Do you find yourself depressed after completing a good game?  Feeling like there is no other game that can compete with that experience?  Are you stuck in a rut, playing the same game over and over again trying to get back the high from the first time you played it?  You may be suffering from the post game slump.  PGS is a condition that affects millions of gamers every day, and we wanted to let you know that there is help.  Through a rigorous program of indie games, arcade titles, and Netflix, you can find yourself once again enjoying mediocrity and clearing out a backlog.  Now a patronizing picture of a cartoon animal or amorphous blob meant to make you feel less horrible about yourself:



side effects may include:  boredom, nausea, loss of social life, and increased sex drive

Ladies and gentlemen, I hate the post game slump.  For those of you unfamiliar with what it is, allow me to explain the situation I am in:  I just beat BIoshock: Infinite for the first time (no spoilers, promise).  The gameplay in that particular title is tighter than denim on scene kids, the color palette is like a bald eagle took LSD, and the relationships you build with Elizabeth really make you feel like a sociopathic murderer hanging out with a superpowered Disney princess.  Basically, the game is absolutely fantastic in most every way.  And that has caused me no end of misery.  
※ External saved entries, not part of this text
Lemma ranked_cons x s y z : y != x -> z != x ->
  wpref (ranked (x :: s)) y z = wpref (ranked s) y z.
Proof.
move=> yx zx; rewrite !wpref_linord_of_key /=.
by rewrite [x == y]eq_sym [x == z]eq_sym (negbTE yx) (negbTE zx).
Qed.

End RankedOrders.

Lemma updateK (V A : finType) (P : profile V A) i Q : update (update P i Q) i (P i) = P.
Proof. by apply/ffunP => j; rewrite !ffunE; case: eqP => [->|]. Qed.

Section StrategyProofRule.
Variables (V A : finType) (B : {set A}) (g : profile V A -> A).
Hypothesis g_range : forall P, g P \in B.
Hypothesis g_onto : forall x, x \in B -> exists P, g P = x.
Hypothesis g_sp : forall (P : profile V A) i Q, wpref (P i) (g P) (g (update P i Q)).

Lemma sp_update_monotone (P : profile V A) i Q :
  (forall y, wpref (P i) (g P) y -> wpref Q (g P) y) -> g (update P i Q) = g P.
Proof.
move=> lift; apply: (@wpref_anti _ Q).
  by have := g_sp (update P i Q) i (P i); rewrite updateK ffunE eqxx.
exact/lift/g_sp.
Qed.

Lemma sp_monotone (P P' : profile V A) :
  (forall i y, wpref (P i) (g P) y -> wpref (P' i) (g P) y) -> g P' = g P.
Proof.
move=> lift; pose mix (s : seq V) : profile V A := [ffun j => if j \in s then P' j else P j].
suff mixE s : g (mix s) = g P.
  by rewrite -(mixE (enum V)); congr g; apply/ffunP => j; rewrite ffunE mem_enum.
elim: s => [|i s IH]; first by congr g; apply/ffunP => j; rewrite ffunE.
have -> : mix (i :: s) = update (mix s) i (P' i).
  by apply/ffunP => j; rewrite !ffunE inE; case: eqP => [->|].
rewrite -IH; apply: sp_update_monotone => y; rewrite IH ffunE.
by case: ifP => _ //; apply: lift.
Qed.

Lemma sp_unanimous (P : profile V A) x : x \in B -> (forall i, top (P i) x) -> g P = x.
Proof.
move=> xB x_top; have [P0 gP0] := g_onto xB; rewrite -gP0 in x_top *.
by apply: sp_monotone => i y _; apply: x_top.
Qed.

Lemma sp_pareto (P : profile V A) x y :
  x \in B -> x != y -> (forall i, wpref (P i) x y) -> g P != y.
Proof.
move=> xB xy Pxy; apply/eqP => gPy.
have yx : y != x by rewrite eq_sym.
pose P' : profile V A := [ffun=> ranked [:: x; y]].
have : g P' = x by apply: sp_unanimous => // i; rewrite ffunE; apply: ranked_head.
suff -> : g P' = y by move/eqP; rewrite (negbTE yx).
rewrite -gPy; apply: sp_monotone => i z; rewrite gPy ffunE => Pyz.
by rewrite ranked_cons ?(wpref_neq_above xy (Pxy i) Pyz) //; apply: ranked_head.
Qed.

Definition supporters (P : profile V A) (a b : A) : {set V} :=
  [set i | ~~ wpref (P i) b a].

Definition decisive_for (S : {set V}) (a b : A) : Prop :=
  forall P, S \subset supporters P a b -> g P != b.

Lemma decisive_forS (S S' : {set V}) a b :
  S \subset S' -> decisive_for S a b -> decisive_for S' a b.
Proof. by move=> sSS' dS P /(subset_trans sSS'); apply: dS. Qed.

Lemma decisive_for0 a b : b \in B -> ~ decisive_for set0 a b.
Proof.
move=> bB d0; have [P gPb] := g_onto bB.
by move: (d0 P (sub0set _)); rewrite gPb eqxx.
Qed.

Lemma decisive_for_supporters (Q : profile V A) a b :
  g Q = a -> a != b -> decisive_for (supporters Q a b) a b.
Proof.
move=> gQa ab P sQP; apply/eqP => gPb.
have ba : b != a by rewrite eq_sym.
pose P' : profile V A :=
  [ffun i => ranked (if wpref (P i) a b then [:: a; b] else [:: b; a])].
have gP'b : g P' = b.
  rewrite -gPb; apply: sp_monotone => i y; rewrite gPb ffunE.
  case: ifP => [Pab Pby | _ _]; last exact: ranked_head.
  by rewrite ranked_cons ?(wpref_neq_above ab Pab Pby) //; apply: ranked_head.
have gP'a : g P' = a.
  rewrite -gQa; apply: sp_monotone => i y; rewrite gQa ffunE.
  case: ifP => [_ _ | Pab Qay]; first exact: ranked_head.
  have Qba : wpref (Q i) b a.
    apply: contraFT Pab => Qab.
    have /(subsetP sQP) : i \in supporters Q a b by rewrite inE.
    by rewrite inE negb_wpref.
  by rewrite ranked_cons ?(wpref_neq_above ba Qba Qay) //; apply: ranked_head.
by move: ab; rewrite -gP'a gP'b eqxx.
Qed.

(* The witness is a Condorcet cycle: S1 ranks a b c, S2 ranks c a b, the
   others b c a.  Its outcome is not b (decisiveness) and not outside
   {a, b, c} (Pareto), and the supporters of a over c, resp. of c over b,
   are S1, resp. S2. *)
Lemma decisive_forU (S1 S2 : {set V}) a b c : a \in B -> a != b -> a != c -> b != c ->
  decisive_for (S1 :|: S2) a b -> decisive_for S1 a c \/ decisive_for S2 c b.
Proof.
move=> aB ab ac bc dS.
have [ba ca cb] : [/\ b != a, c != a & c != b] by split; rewrite eq_sym.
pose Q : profile V A := [ffun i => ranked (if i \in S1 then [:: a; b; c]
  else if i \in S2 then [:: c; a; b] else [:: b; c; a])].
have gQb : g Q != b.
  apply/dS/subsetP => i; rewrite !inE ffunE negb_wpref //.
  case: ifP => [_ _ | _ /= S2i]; first exact: ranked_head.
  by rewrite S2i ranked_cons //; apply: ranked_head.
have [gQa | gQa] := eqVneq (g Q) a.
  left; apply: decisive_forS (decisive_for_supporters gQa ac).
  apply/subsetP => i; rewrite inE; apply: contraR => S1i.
  rewrite ffunE (negbTE S1i); case: ifP => _; first exact: ranked_head.
  by rewrite ranked_cons //; apply: ranked_head.
have [gQc | gQc] := eqVneq (g Q) c.
  right; apply: decisive_forS (decisive_for_supporters gQc cb).
  apply/subsetP => i; rewrite inE; apply: contraR => S2i.
  rewrite ffunE (negbTE S2i); case: ifP => _; last exact: ranked_head.
  by rewrite ranked_cons //; apply: ranked_head.
have a_over_gQ i : wpref (Q i) a (g Q).
  rewrite ffunE; case: ifP => _; first exact: ranked_head.
  case: ifP => _; first by rewrite ranked_cons //; apply: ranked_head.
  by rewrite ranked_cons // ranked_cons //; apply: ranked_head.
have a_gQ : a != g Q by rewrite eq_sym.
by move: (sp_pareto aB a_gQ a_over_gQ); rewrite eqxx.
Qed.

Lemma decisive_for_loser (S : {set V}) a b c : a \in B -> b \in B -> a != b -> a != c ->
  decisive_for S a b -> decisive_for S a c.
Proof.
move=> aB bB ab ac dab; have [<- // | bc] := eqVneq b c.
rewrite -(setU0 S) in dab.
by case: (decisive_forU aB ab ac bc dab) => // /(decisive_for0 bB).
Qed.

Lemma decisive_for_winner (S : {set V}) a b c : a \in B -> c \in B -> a != b -> c != b ->
  decisive_for S a b -> decisive_for S c b.
Proof.
move=> aB cB ab cb dab; have [<- // | ac] := eqVneq a c.
have bc : b != c by rewrite eq_sym.
rewrite -(set0U S) in dab.
by case: (decisive_forU aB ab ac bc dab) => // /(decisive_for0 cB).
Qed.

Definition decisive (S : {set V}) : Prop :=
  forall a b, a \in B -> b \in B -> a != b -> decisive_for S a b.

Lemma decisiveT : decisive [set: V].
Proof.
move=> a b aB _ ab P /subsetP TP; have ba : b != a by rewrite eq_sym.
apply: sp_pareto aB ab _ => i.
by have := TP i (in_setT i); rewrite inE negb_wpref.
Qed.

Hypothesis B_card : 3 <= #|B|.

Lemma exists_other x y : exists z, [&& z \in B, z != x & z != y].
Proof.
have lt_xy_B : #|[set x; y]| < #|B|.
  by rewrite cards2; case: (x != y) => //; apply: ltnW.
have /subsetPn[z zB] : ~~ (B \subset [set x; y]).
  by apply/negP => /subset_leq_card; rewrite leqNgt lt_xy_B.
by rewrite !inE negb_or => zxy; exists z; rewrite zB.
Qed.

Lemma three_distinct : exists a b c,
  [/\ a \in B, b \in B, c \in B & [/\ a != b, a != c & b != c]].
Proof.
have /card_gt0P[a aB] : 0 < #|B| by apply: leq_trans B_card.
have [b /and3P[bB ba _]] := exists_other a a.
have [c /and3P[cB ca cb]] := exists_other a b.
by exists a, b, c; split => //; split; rewrite eq_sym.
Qed.

Lemma decisive_for_decisive (S : {set V}) a b : a \in B -> b \in B -> a != b ->
  decisive_for S a b -> decisive S.
Proof.
move=> aB bB ab dab x y xB yB xy.
have [ya | ya] := eqVneq y a; last first.
  have ay : a != y by rewrite eq_sym.
  exact: decisive_for_winner aB xB ay xy (decisive_for_loser aB bB ab ay dab).
rewrite {y yB}ya in xy *.
have [c /and3P[cB ca cx]] := exists_other a x.
have [ac xc] : a != c /\ x != c by split; rewrite eq_sym.
have dxc := decisive_for_winner aB xB ac xc (decisive_for_loser aB bB ab ac dab).
exact: decisive_for_loser xB cB xc xy dxc.
Qed.

Lemma decisive_setU (S1 S2 : {set V}) : decisive (S1 :|: S2) -> decisive S1 \/ decisive S2.
Proof.
have [a [b [c [aB bB cB [ab ac bc]]]]] := three_distinct.
move=> dS; case: (decisive_forU aB ab ac bc (dS a b aB bB ab)) => [dac | dcb].
  by left; apply: decisive_for_decisive aB cB ac dac.
by right; apply: decisive_for_decisive cB bB _ dcb; rewrite eq_sym.
Qed.

Lemma decisive_neq0 : ~ decisive set0.
Proof.
have [a [b [_ [aB bB _ [ab _ _]]]]] := three_distinct.
by move=> d0; apply: decisive_for0 bB (d0 a b aB bB ab).
Qed.

Lemma decisive_singleton (S : {set V}) : decisive S -> exists i, decisive [set i].
Proof.
have [n] := ubnP #|S|; elim: n S => // n IH S /ltnSE leSn dS.
have /set0Pn[i iS] : S != set0 by apply/eqP => S0; apply: decisive_neq0; rewrite -S0.
move: dS; rewrite -(setD1K iS) => /decisive_setU[|dSi]; first by exists i.
apply: IH dSi; apply: leq_trans leSn.
by rewrite (cardsD1 i S) iS add1n.
Qed.

Lemma sp_dictator : exists i, forall (P : profile V A) y, y \in B -> wpref (P i) (g P) y.
Proof.
have [i di] := decisive_singleton decisiveT.
exists i => P y yB; have [-> | yg] := eqVneq y (g P); first exact: wpref_refl.
apply: contraT => gPy; have := di _ _ yB (g_range P) yg P; rewrite eqxx; apply.
by rewrite sub1set inE.
Qed.

End StrategyProofRule.

Section MarianRule.
Variables (V A : finType) (F : profile V A -> {set A}) (m : A).
Hypothesis F_consular : consular F.
Hypothesis F_m : forall P, m \in F P.

Definition other (P : profile V A) : A := odflt m [pick x in F P :\ m].

Lemma setD1_other P : F P :\ m = [set other P].
Proof.
have /cards1P[x Fx] : #|F P :\ m| == 1.
  by move: (F_consular P); rewrite (cardsD1 m) F_m add1n => -[->].
rewrite /other Fx; case: pickP => [y /set1P -> // | /(_ x)].
by rewrite set11.
Qed.

Lemma other_neq P : other P != m.
Proof. by have /setD1P[] : other P \in F P :\ m by rewrite setD1_other set11. Qed.

Lemma other_in_setC1 P : other P \in [set~ m].
Proof. by rewrite !inE other_neq. Qed.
See, I have about 30 games on backlog of varying genres and quality.  There are a few that I had started before playing Bioshock, but then it went on sale and I had to plow through it.  After going through it though, I just don’t have it in me to continue to play through them.  For instance, I started up Darksiders afterwards and the visuals are so incredibly “blah” and the gameplay gets a “meh” out of “eh” from me.  When I look at the list of games that I have, all I can think of is how each element doesn’t compare to what Infinite offered me:  I don’t want a complex story after that, I do want solid gameplay, and I want colorful graphics.  That problem is that exactly one game exists that I want to play, and it’s Bioshock again.  It conjures the same feeling as breaking up with someone (from what I hear from people who go on these things called “dates” with “women”, which is apparently a thing).  I know that there are plenty of other fish in the sea, but I just want that one back.  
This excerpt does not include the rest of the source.